A 35M parameter bidirectional transformer for intent classification and AI request routing.

Model Description

UEG classifies incoming user text into 22 intent classes across 5 routing tiers, plus a secondary 5-class language resource density classification. Both outputs come from a single forward pass.

  • Architecture: 6-layer bidirectional transformer encoder, 512 hidden dim, 8 attention heads
  • Parameters: ~35M
  • Max sequence length: 128 tokens
  • Tokenizer: Custom BPE trained on the UEG training corpus (32K vocab)
  • Languages: English, Arabic, Hindi, French, Spanish, Chinese, Swahili, Portuguese

Performance

Head Accuracy Macro F1
Intent (22 classes) 97.35% 0.9733
Resource Density (5 classes) 99.95% 0.9987

Usage

Via REST API (recommended)

import requests

r = requests.post("https://ueg-api.onrender.com/classify",
                  json={"text": "Write a Python function to sort a list"})
print(r.json())

Via ONNX Runtime

import onnxruntime as ort
import numpy as np
from tokenizers import Tokenizer
from huggingface_hub import hf_hub_download

# Load tokenizer
tok_path = hf_hub_download("rufatronics/ueg-classifier",
                            "tokenizer/tokenizer.json")
tokenizer = Tokenizer.from_file(tok_path)
tokenizer.enable_padding(pad_id=0, pad_token="[PAD]", length=128)
tokenizer.enable_truncation(max_length=128)

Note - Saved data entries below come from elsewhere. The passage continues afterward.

(* For $\omega\in\mathbb{T}$ and $\upsilon\in\operatorname{Aut}\mathbb{D}$, written $\upsilon(\lambda)=\eta\frac{\lambda-\alpha}{1-\bar\alpha\lambda}$ with $\eta\in\mathbb{T}$, $\alpha\in\mathbb{D}$, define $$f_{\omega\upsilon}(a,s,p)=\left(\frac{\omega\eta(1-|\alpha|^2)a}{1-\bar\alpha s+\bar\alpha^2p},\ \tau_\upsilon(s,p)\right),$$ where $\tau_\upsilon(\lambda_1+\lambda_2,\lambda_1\lambda_2)=(\upsilon(\lambda_1)+\upsilon(\lambda_2),\upsilon(\lambda_1)\upsilon(\lambda_2))$ for $\lambda_1,\lambda_2\in\mathbb{D}$; explicitly $$f_{\omega\upsilon}(a,s,p)=\frac{\eta}{1-\bar\alpha s+\bar\alpha^2p}\Big(\omega(1-|\alpha|^2)a,\ -2\alpha+(1+|\alpha|^2)s-2\bar\alpha p,\ \eta(\alpha^2-\alpha s+p)\Big).$$ Then each $f_{\omega\upsilon}$ is an automorphism of $\mathcal{P}$ (a bijective holomorphic self-map with holomorphic inverse) which extends analytically to a neighbourhood of $\overline{\mathcal{P}}$; for all $\omega_1,\omega_2\in\mathbb{T}$ and $\upsilon_1,\upsilon_2\in\operatorname{Aut}\mathbb{D}$, $f_{\omega_1\upsilon_1}\circ f_{\omega_2\upsilon_2}=f_{(\omega_1\omega_2)(\upsilon_1\circ\upsilon_2)}$, and $(f_{\omega\upsilon})^{-1}=f_{\bar\omega\upsilon^{-1}}$. Consequently $\{f_{\omega\upsilon}:\omega\in\mathbb{T},\upsilon\in\operatorname{Aut}\mathbb{D}\}$ is a group of automorphisms of $\mathcal{P}$ under composition.
   Context: $\mathbb{D}$ is the open unit disc, $\mathbb{T}$ the unit circle, $\operatorname{Aut}\mathbb{D}$ the group of Möbius automorphisms of $\mathbb{D}$. $\mathbb{B}$ is the open unit ball of $\mathbb{C}^{2\times 2}$ (operator norm), $\pi(A)=(a_{21},\operatorname{tr}A,\det A)$, $\mathcal{P}=\pi(\mathbb{B})$, $\overline{\mathcal{P}}$ its closure. Every $(s,p)$ with $(a,s,p)\in\mathcal{P}$ is of the form $(\lambda_1+\lambda_2,\lambda_1\lambda_2)$ with $\lambda_1,\lambda_2\in\mathbb{D}$. *)

From Stdlib Require Import Reals Lra.
Open Scope R_scope.

Record Cplx := mkC { Re : R; Im : R }.

Definition RtoC (r : R) : Cplx := mkC r 0.
Definition C0 : Cplx := RtoC 0.
Definition C1 : Cplx := RtoC 1.
Definition Cadd (z w : Cplx) : Cplx := mkC (Re z + Re w) (Im z + Im w).
Definition Copp (z : Cplx) : Cplx := mkC (- Re z) (- Im z).
Definition Csub (z w : Cplx) : Cplx := Cadd z (Copp w).
Definition Cmul (z w : Cplx) : Cplx :=
  mkC (Re z * Re w - Im z * Im w) (Re z * Im w + Im z * Re w).
Definition Cconj (z : Cplx) : Cplx := mkC (Re z) (- Im z).
Definition Cnorm2 (z : Cplx) : R := Re z * Re z + Im z * Im z.
(* multiplicative inverse (total; 1/0 is some unspecified value of R) *)
Definition Cinv (z : Cplx) : Cplx :=
  mkC (Re z / Cnorm2 z) (- Im z / Cnorm2 z).
Definition Cdiv (z w : Cplx) : Cplx := Cmul z (Cinv w).

Declare Scope Cplx_scope.
Delimit Scope Cplx_scope with Cx.
Infix "+" := Cadd : Cplx_scope.
Infix "-" := Csub : Cplx_scope.
Infix "*" := Cmul : Cplx_scope.
Infix "/" := Cdiv : Cplx_scope.
Notation "- z" := (Copp z) : Cplx_scope.

Definition inD (z : Cplx) : Prop := Cnorm2 z < 1.
Definition inT (z : Cplx) : Prop := Cnorm2 z = 1.

Definition mob (eta alpha lam : Cplx) : Cplx :=
  (eta * (lam - alpha) / (C1 - Cconj alpha * lam))%Cx.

# Load ONNX model + data file (both needed)
onnx_path = hf_hub_download("rufatronics/ueg-classifier",
                             "export/ueg_model.onnx")
data_path = hf_hub_download("rufatronics/ueg-classifier",
                             "export/ueg_model.onnx.data")

sess = ort.InferenceSession(onnx_path,
                             providers=["CPUExecutionProvider"])

# Inference
enc  = tokenizer.encode("Write a Python function to reverse a string")
ids  = np.array([enc.ids], dtype=np.int64)
mask = np.array([enc.attention_mask], dtype=np.int64)

logits_intent, logits_resource = sess.run(None,
    {"input_ids": ids, "attention_mask": mask})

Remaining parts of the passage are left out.